Expenditure on Education of a country during a five year period (2002-2006), in crores of rupees, is given below:
| Elementary education | 240 |
| Secondary Education | 120 |
| University Education | 190 |
| Teacher’s Training | 20 |
| Social Education | 10 |
| Other Educational Programmes | 115 |
| Cultural programmes | 25 |
| Technical Education | 125 |
Represent the information above by a bar graph.
The lengths of 62 leaves of a plant are measured in millimetres and the data is represented in the following table:
| Length (in mm) | Number of leaves |
| 118 – 126 | 8 |
| 127 – 135 | 10 |
| 136 – 144 | 12 |
| 145 – 153 | 17 |
| 154 – 162 | 7 |
| 163 – 171 | 5 |
| 172 – 180 | 3 |
Draw a histogram to represent the data above.

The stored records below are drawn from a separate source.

Lemma sqr_K1_ge10sqr (l : R) : 10 * l ^+ 2 <= K1 l ^+ 2.
Proof.
have le_K1 : `|l| * Num.sqrt 10 <= K1 l by rewrite /K1 le_max lexx orbT.
have ge0_l10 : 0 <= `|l| * Num.sqrt 10 by rewrite mulr_ge0 ?sqrtr_ge0.
rewrite -real_normK ?num_real // mulrC -[10](@sqr_sqrtr _ 10) // -exprMn.
by rewrite ler_sqr ?nnegrE // (le_trans ge0_l10).
Qed.

Lemma cond_gauss_abs_gt_subgauss (B : set R) (K t : R) : measurable B -> 0 < K -> 0 <= t ->
  expR_sqr_moment_le4 (2 / K) B ->
  cond_gauss B [set x | t < `|x|] <= 2 * expR (- t ^+ 2 / K).
Proof.
move=> mB K0 t0 momB.
have le1 := cond_gauss_le1 mB (measurable_abs_gt t).
have := cond_gauss_abs_gt_le mB (divr_ge0 (ler0n _ 2) (ltW K0)) t0 momB.
have -> : expR (- (2 / K) * t ^+ 2) = expR (- t ^+ 2 / K) ^+ 2.
  by rewrite -expRM_natl; congr expR; ring.
have := expR_gt0 (- t ^+ 2 / K).
(* min(1, 4 s^2) <= 2 s: use the first bound when s >= 1/2, the second otherwise. *)
set s := expR _; have [hs|hs] := leP s (2^-1); nra.
Qed.

Lemma tilde_law_abs_gt_le (l p t : R) : 0 <= p <= 1 -> 0 < t ->
  tilde_law l p [set x | t < `|x|] <= 2 * expR (- t ^+ 2 / K1 l ^+ 2).
Proof.
move=> /andP[p0 p1] t0.
have K20 := sqr_K1_ge20 l; have K2l := sqr_K1_ge10sqr l.
have K0 : 0 < K1 l ^+ 2 by lra.
have lam_bd : 0 <= 2 / K1 l ^+ 2 <= 10^-1.
  apply/andP; split; first by rewrite divr_ge0 // ltW.
  by rewrite (ler_pdivrMr _ _ K0); lra.
have laml : 2 / K1 l ^+ 2 * l ^+ 2 <= 5^-1 by rewrite mulrAC (ler_pdivrMr _ _ K0); lra.
have := cond_gauss_abs_gt_subgauss (measurable_itv _) K0 (ltW t0)
  (expR_sqr_moment_le4_above lam_bd laml).
have := cond_gauss_abs_gt_subgauss (measurable_itv _) K0 (ltW t0)
  (expR_sqr_moment_le4_below lam_bd laml).
have := cond_gauss_ge0 (above l) [set x | t < `|x|].
have := cond_gauss_ge0 (below l) [set x | t < `|x|].
rewrite /tilde_law; nra.
Qed.

Lemma tilde_psi2_le (l p : R) : 0 <= p <= 1 ->
  (tilde_psi2 l p <= (7 * Num.max 1 `|l|)%:E)%E.
Proof.
move=> /andP[p0 p1]; set m := Num.max 1 `|l|; set t := 7 * m.
have m1 : 1 <= m by rewrite le_max lexx.
have ml : `|l| <= m by rewrite le_max lexx orbT.
have t0 : 0 < t by rewrite /t; lra.
have t2 : 49 <= t ^+ 2 by rewrite /t; nra.
have t2l : 49 * l ^+ 2 <= t ^+ 2.
  by rewrite /t -real_normK ?num_real //; have := normr_ge0 l; nra.
set u := (t ^+ 2)^-1.
have tu : t ^+ 2 * u = 1 by rewrite divff // gt_eqF // exprn_gt0.
have u0 : 0 < u by rewrite invr_gt0 exprn_gt0.
have lam_bd : 0 <= 4 * u <= 10^-1 by apply/andP; split; nra.
have laml : 4 * u * l ^+ 2 <= 5^-1 by nra.
have e_above := cond_gauss_expect_expR_sqr_le2 (measurable_itv _)
  (expR_sqr_moment_le4_above lam_bd laml).
have e_below := cond_gauss_expect_expR_sqr_le2 (measurable_itv _)
  (expR_sqr_moment_le4_below lam_bd laml).
apply: ereal_inf_lbound; exists t => //; split => //.
apply: (le_trans (leeD (lee_wpmul2l _ e_above) (lee_wpmul2l _ e_below))).
all: by rewrite ?lee_fin //; lra.
Qed.

End tilde_gauss.

Theorem lemma18 (R : realType) :
  (forall (l p t : R), 0 < p < 1 -> 0 < t ->
     tilde_law l p [set x | t < `|x|] <= 2 * expR (- t ^+ 2 / K1 l ^+ 2))
  /\
  (exists C : R, 0 < C /\ forall (l p : R), 0 < p < 1 ->
     (tilde_psi2 l p <= (C * Num.max 1 `|l|)%:E)%E).
Proof.
split=> [l p t /andP[p0 p1] t0|].
  by apply: tilde_law_abs_gt_le => //; rewrite !ltW.
exists 7; split=> // l p /andP[p0 p1].
by apply: tilde_psi2_le; rewrite !ltW.
Qed.
Lemma sumR_shift_close (f1 f2 : nat -> R) c d n :
  (forall k, 0 <= f1 k <= c) -> (forall k, 0 <= f2 k <= c) ->
  (forall k, f1 (k + d)%nat = f2 k) -> Rabs (sumR f1 n - sumR f2 n) <= INR d * c.
Proof.
  intros H1 H2 H12.
  assert (0 <= c) by (destruct (H1 O); lra).
  apply Rabs_le.
  destruct (le_lt_dec d n) as [Hdn|Hdn].
  - replace n with ((n - d) + d)%nat by lia.
    rewrite <- (sumR_shift f1), (sumR_ext _ f2) by auto.
    rewrite Nat.add_comm, <- (sumR_shift f2 d (n - d)).
    pose proof (sumR_bounds f1 d c H1).
    pose proof (sumR_bounds (fun k => f2 (k + (n - d))%nat) d c (fun k => H2 _)).
    lra.
  - pose proof (sumR_bounds f1 n c H1); pose proof (sumR_bounds f2 n c H2).
    assert (INR n * c <= INR d * c) by (apply Rmult_le_compat_r; auto; apply le_INR; lia).
    lra.
Qed.
(* For a word $w\in\mathcal{A}^*$ let $\iota(w)$ denote the word obtained from $w$ by deleting every occurrence of every letter that occurs more than once in $w$ (so $\iota(w)$ is the subsequence of letters occurring exactly once, in their order in $w$); this depends only on the element of ${\mathsf{stal}}$ represented by $w$. (1) Two elements $s,t\in{\mathsf{stal}}$ lie in the same connected component of $K({\mathsf{stal}})$ if and only if $s\equiv_{\mathrm{ev}}t$ and $\iota(s)$ and $\iota(t)$ are cyclic rotations of each other as words (i.e. $\iota(s)=pq$ and $\iota(t)=qp$ for some words $p,q$). (2) The maximum diameter of a connected component of $K({\mathsf{stal}})$ is $3$. (3) The maximum diameter of a connected component of $K({\mathsf{stal}}_n)$ is $3$ if $n\ge3$, is $1$ if $n=2$, and is $0$ if $n=1$.
   Context: Let $\mathcal{A}=\{1<2<3<\cdots\}$ be the ordered alphabet of positive integers and $\mathcal{A}_n=\{1<2<\cdots<n\}$. For a monoid $M$ and $s,t\in M$, write $s\sim t$ if there exist $x,y\in M$ with $s=xy$ and $t=yx$ (a cyclic shift); $\sim^*$ is the reflexive–transitive closure of $\sim$. The cyclic shift graph $K(M)$ is the undirected graph with vertex set $M$ and an edge between $s$ and $t$ iff $s\sim t$; its connected components are the $\sim^*$-classes, and distances/diameters are graph distances in $K(M)$. The evaluation of a word $w$ is the tuple $(|w|_a)_{a}$ giving the number of occurrences of each letter $a$; all monoids considered are defined by presentations whose defining relations preserve evaluation, so the evaluation of an element is well defined, and $s\equiv_{\mathrm{ev}} t$ means $s$ and $t$ have the same evaluation. The stalactic monoid ${\mathsf{stal}}$ is $\mathcal{A}^*$ modulo the congruence generated by the relations $bavb=abvb$ for all letters $a,b$ and words $v\in\mathcal{A}^*$; ${\mathsf{stal}}_n$ is defined by the same relations over $\mathcal{A}_n$. Equivalently, two words are equal in ${\mathsf{stal}}$ iff they have the same evaluation and the same order of rightmost occurrences of their letters. *)

From mathcomp Require Import all_boot.
From Stdlib Require Import Relations.
Set Implicit Arguments. Unset Strict Implicit. Unset Printing Implicit Defensive.
(* Let $s$ be a positive integer, let $\lambda_0 \geq 0 > \lambda_1$ be real numbers and let $z_1, \ldots, z_{2s}$ be complex numbers with $z_j = a_j + b_j i$, $a_j \in \mathbb{R}$, $b_j > 0$ for $j = 1, \ldots, 2s$. If $\lambda_0 + \lambda_1 - 2\sum_{j=1}^{2s} |z_j| \geq 0$, then there is a $(4s+2) \times (4s+2)$ normal centrosymmetric nonnegative matrix with eigenvalues $\lambda_0, \lambda_1, z_1, \ldots, z_{2s}, \overline{z}_1, \ldots, \overline{z}_{2s}$.
   Context: $J$ denotes the reverse identity matrix of the appropriate size (ones on the anti-diagonal, zeros elsewhere). A square matrix $Q$ is centrosymmetric if $JQJ = Q$, nonnegative if all entries are nonnegative, and normal if $QQ^* = Q^*Q$. *)

From HB Require Import structures.
From mathcomp Require Import all_boot all_order all_algebra.
From mathcomp Require Import reals.
From mathcomp.real_closed Require Import complex.
Set Implicit Arguments. Unset Strict Implicit. Unset Printing Implicit Defensive.
Import Order.TTheory GRing.Theory Num.Theory.
Local Open Scope ring_scope.

Definition revid (R : pzRingType) (n : nat) : 'M[R]_n :=
  \matrix_(i < n, j < n) ((i + j)%N == n.-1)%:R.

Definition centrosymmetric (R : pzRingType) (n : nat) (Q : 'M[R]_n) : Prop :=
  revid R n *m Q *m revid R n = Q.
(* Let $a,b\ge1$ be integers. Let $\mathcal{C}$ be a chain with spine $P=v_0,\dots,v_m$ and arc partition $A(P)=A_1\cup A_2$, and suppose $|A_2|\ge a(b+1)-1$. Then $\mathcal{C}$ contains a strong $(a,b)$-alternating-path $R$ with $s_1(R)=v_0$ and $t_a(R)=v_m$.
   Context: Fix $b\ge1$ and $g:=4b^2$. Gadgets have designated vertices $p,q$ with arc $(p,q)$. Type I: a directed cycle of length at least $g$ through $(p,q)$. Basic type II: vertices $p,q,r$ and a directed path $P_1$ from $r$ to $p$ of length at least $2b^2+b-2$, $q\notin V(P_1)$, every vertex of $P_1$ having an arc to $q$. Type III: vertices $p,q,r$, the arc $(p,q)$, and two internally vertex-disjoint directed paths $P_1,P_2$ from $p$ and from $q$ respectively to $r$, each of length at least $2b-1$. A trivial gadget consists only of $p,q$ and the arc $(p,q)$. A chain $\mathcal{C}$ consists of a directed path $P=v_0,\dots,v_m$ (the spine), a partition $A_1\cup A_2$ of its arc set, and non-trivial gadgets $(G_e)_{e\in A_2}$ such that: each $G_e$ is of type I, type III, or basic type II; for $e=(v_i,v_{i+1})\in A_2$, $p(G_e)=v_i$, $q(G_e)=v_{i+1}$ and $V(G_e)\cap\{v_0,\dots,v_m\}=\{v_i,v_{i+1}\}$; and $V(G_e)\cap V(G_f)\subseteq\{v_0,\dots,v_m\}$ for distinct $e,f\in A_2$. The chain is identified with the digraph $P\cup\bigcup_{e\in A_2}G_e$. An $(a,b)$-alternating-path is an oriented path $R$ consisting of vertices $s_1,\dots,s_a,t_1,\dots,t_a$ and pairwise internally vertex-disjoint directed paths $Q_1,\dots,Q_a,Q'_1,\dots,Q'_{a-1}$, $Q_i$ from $s_i$ to $t_i$, $Q'_i$ from $s_{i+1}$ to $t_i$, with $Q_2,\dots,Q_{a-1},Q'_1,\dots,Q'_{a-1}$ of length at least $b$; it is strong if also $Q_1$ and $Q_a$ have length at least $b$. *)

From mathcomp Require Import all_boot.
Set Implicit Arguments. Unset Strict Implicit. Unset Printing Implicit Defensive.

Section Defs.
Variable V : finType.

Definition arcs_of (s : seq V) : {set V * V} := [set e in zip s (behead s)].

Definition dpath (A : {set V * V}) (x y : V) (P : seq V) : Prop :=
  exists P' : seq V, [/\ P = x :: P', last x P' = y, uniq P &
                         path (fun u v => (u, v) \in A) x P'].

Definition plen (P : seq V) : nat := (size P).-1.

(* Type I gadget: exactly a directed cycle q = c_0 -> c_1 -> ... -> c_{k-1} = p -> q
   of length k >= g = 4 b^2 (so it passes through the arc (p,q)). *)
Definition gadget_I (b : nat) (VG : {set V}) (AG : {set V * V}) (p q : V) : Prop :=
  exists c' : seq V,
    [/\ uniq (q :: c'), last q c' = p, 4 * b ^ 2 <= size (q :: c'),
        VG = [set x in q :: c'] & AG = arcs_of (rcons (q :: c') q)].

Definition gadget_II (b : nat) (VG : {set V}) (AG : {set V * V}) (p q : V) : Prop :=
  exists (r : V) (P1 : seq V),
    [/\ dpath (arcs_of P1) r p P1, 2 * b ^ 2 + b - 2 <= plen P1, q \notin P1,
        VG = q |: [set x in P1] &
        AG = arcs_of P1 :|: [set (x, q) | x in P1]].

Definition gadget_III (b : nat) (VG : {set V}) (AG : {set V * V}) (p q : V) : Prop :=
  exists (r : V) (P1 P2 : seq V),
    [/\ p != q /\ dpath (arcs_of P1) p r P1 /\ dpath (arcs_of P2) q r P2,
        [set x in P1] :&: [set x in P2] = [set r],
        2 * b - 1 <= plen P1 /\ 2 * b - 1 <= plen P2,
        VG = [set x in P1] :|: [set x in P2] &
        AG = (p, q) |: (arcs_of P1 :|: arcs_of P2)].

(* A chain with spine v0 :: vs = v_0, ..., v_m, A2 the set of arcs carrying
   a gadget (A1 is the complement in the spine's arc set), gadget G_e given by
   vertex set VG e and arc set AG e, with p(G_e) = e.1, q(G_e) = e.2. *)
Definition is_chain (b : nat) (v0 : V) (vs : seq V) (A2 : {set V * V})
    (VG : V * V -> {set V}) (AG : V * V -> {set V * V}) : Prop :=
  [/\ uniq (v0 :: vs),
      A2 \subset arcs_of (v0 :: vs),
      (forall e, e \in A2 ->
         [set x in v0 :: vs] :&: VG e = [set e.1; e.2] /\
         [\/ gadget_I b (VG e) (AG e) e.1 e.2,
             gadget_II b (VG e) (AG e) e.1 e.2 |
             gadget_III b (VG e) (AG e) e.1 e.2]) &
      (forall e f, e \in A2 -> f \in A2 -> e != f ->
         VG e :&: VG f \subset [set x in v0 :: vs])].

Definition chain_arcs (v0 : V) (vs : seq V) (A2 : {set V * V})
    (AG : V * V -> {set V * V}) : {set V * V} :=
  arcs_of (v0 :: vs) :|: \bigcup_(e in A2) AG e.

(* The vertex sequence of the oriented path
   R = s_1 Q_1 t_1 (Q'_1)^{-1} s_2 Q_2 t_2 ... s_a Q_a t_a   (0-based indices). *)
Definition alt_vertices (a : nat) (Q Q' : nat -> seq V) : seq V :=
  Q 0 ++ flatten [seq behead (rev (Q' i)) ++ behead (Q i.+1) | i <- iota 0 a.-1].

(* (a,b)-alternating path in the digraph with arc set A (0-based indices:
   s_i = s (i-1), Q_i = Q (i-1), Q'_i = Q' (i-1)). R being an oriented path
   is expressed by all its vertices being distinct (which in particular makes
   the Q's and Q''s pairwise internally vertex-disjoint). *)
Definition alt_path (A : {set V * V}) (a b : nat) (s t : nat -> V)
    (Q Q' : nat -> seq V) : Prop :=
  [/\ forall i, i < a -> dpath A (s i) (t i) (Q i),
      forall i, i.+1 < a -> dpath A (s i.+1) (t i) (Q' i),
      forall i, 0 < i -> i.+1 < a -> b <= plen (Q i),
      forall i, i.+1 < a -> b <= plen (Q' i) &
      uniq (alt_vertices a Q Q')].

Definition strong_alt_path (A : {set V * V}) (a b : nat) (s t : nat -> V)
    (Q Q' : nat -> seq V) : Prop :=
  [/\ alt_path A a b s t Q Q', b <= plen (Q 0) & b <= plen (Q a.-1)].

End Defs.

(* Walk the spine backwards from v_m, keeping an alternating path from the
   current spine vertex to v_m with a segments whose first segment has length
   >= c, as long as (a-1)(b+1) + c <= |A_2| on the part already walked.
   Prepending a spine arc lengthens the first segment by one.  A gadget on the
   arc (p, q) is itself a (2,b)-alternating path from p to q (type I: the
   cycle read backwards; type II: P_1 read backwards, then the arc (r, q);
   type III: P_1 forwards and P_2 backwards), and gluing it at q, once the
   first segment from q has length b, makes that segment interior.  So every
   new segment is paid for by b + 1 gadgets: b that lengthened the previous
   first segment and the one that was glued. *)

From mathcomp Require Import all_boot zify.
Set Implicit Arguments. Unset Strict Implicit. Unset Printing Implicit Defensive.

Section Walks.
Variable V : finType.
Implicit Types (x y z : V) (s P R : seq V) (A B : {set V * V}).

Lemma arcs_of_cons2 x y s : arcs_of [:: x, y & s] = (x, y) |: arcs_of (y :: s).
Proof. by apply/setP => e; rewrite !inE. Qed.

Lemma mem_arcs_of s e : e \in arcs_of s -> e.1 \in s /\ e.2 \in s.
Proof.
elim: s => [|x [|y s] IH]; try by rewrite !inE.
rewrite arcs_of_cons2 in_setU1; case/orP => [/eqP -> | /IH [h1 h2]].
  by rewrite !inE !eqxx orbT.
by split; rewrite in_cons ?h1 ?h2 orbT.
Qed.

Lemma path_arcs_of x s R : path (fun u v => (u, v) \in arcs_of (x :: s ++ R)) x s.
Proof.
elim: s x => [|y s IH] x //=; rewrite arcs_of_cons2 setU11 /=.
by apply: sub_path (IH y) => u v /= uv; rewrite in_setU1 uv orbT.
Qed.

Lemma dpath_arcs_of x s R :
  uniq (x :: s) -> dpath (arcs_of (x :: s ++ R)) x (last x s) (x :: s).
Proof. by move=> us; exists s; split; last exact: path_arcs_of. Qed.

Lemma dpath_sub A B x y P : A \subset B -> dpath A x y P -> dpath B x y P.
Proof.
move=> /subsetP AB [P' [-> lP uP pP]]; exists P'; split => //.
by apply: sub_path pP => u v /AB.
Qed.

Lemma dpath_head A x y P : dpath A x y P -> P = x :: behead P.
Proof. by case=> P' [-> _ _ _]. Qed.

Lemma dpath_rev A x y P : dpath A x y P -> rev P = y :: behead (rev P).
Proof. by case=> P' [-> <- _ _]; rewrite lastI rev_rcons. Qed.

Lemma dpath_mem_first A x y P : dpath A x y P -> x \in P.
Proof. by move/dpath_head ->; rewrite mem_head. Qed.

Lemma dpath_mem_last A x y P : dpath A x y P -> y \in P.
Proof. by move/dpath_rev; rewrite -mem_rev => ->; rewrite mem_head. Qed.

Lemma dpath_uniq A x y P : dpath A x y P -> uniq P.
Proof. by case=> P' [-> _ uP _]. Qed.

Lemma dpath1 A x : dpath A x x [:: x].
Proof. by exists [::]. Qed.

Lemma dpath_cons A x y z P :
  (x, y) \in A -> x \notin P -> dpath A y z P -> dpath A x z (x :: P).
Proof.
move=> xy xP [P' [eP lP uP pP]]; subst P; exists (y :: P'); split => //.
  by rewrite /= xP.
by rewrite /= xy.
Qed.

Lemma dpath_cat A x y z P R :
  dpath A x y P -> dpath A y z R -> uniq (P ++ behead R) ->
  dpath A x z (P ++ behead R).
Proof.
case=> P' [-> lP _ pP] [R' [-> lR _ pR]] uPR; exists (P' ++ R'); split => //.
  by rewrite last_cat lP.
by rewrite cat_path pP lP.
Qed.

Following table shows a frequency distribution for the speed of cars passing through at a particular spot on a high way:
| Class interval (km/h) | Frequency |
| 30 – 40 | 3 |
| 40 – 50 | 6 |
| 50 – 60 | 25 |
| 60 – 70 | 65 |
| 70 – 80 | 50 |
| 80 – 90 | 28 |
| 90 – 100 | 14 |
Draw the frequency polygon representing the above data without drawing the histogram.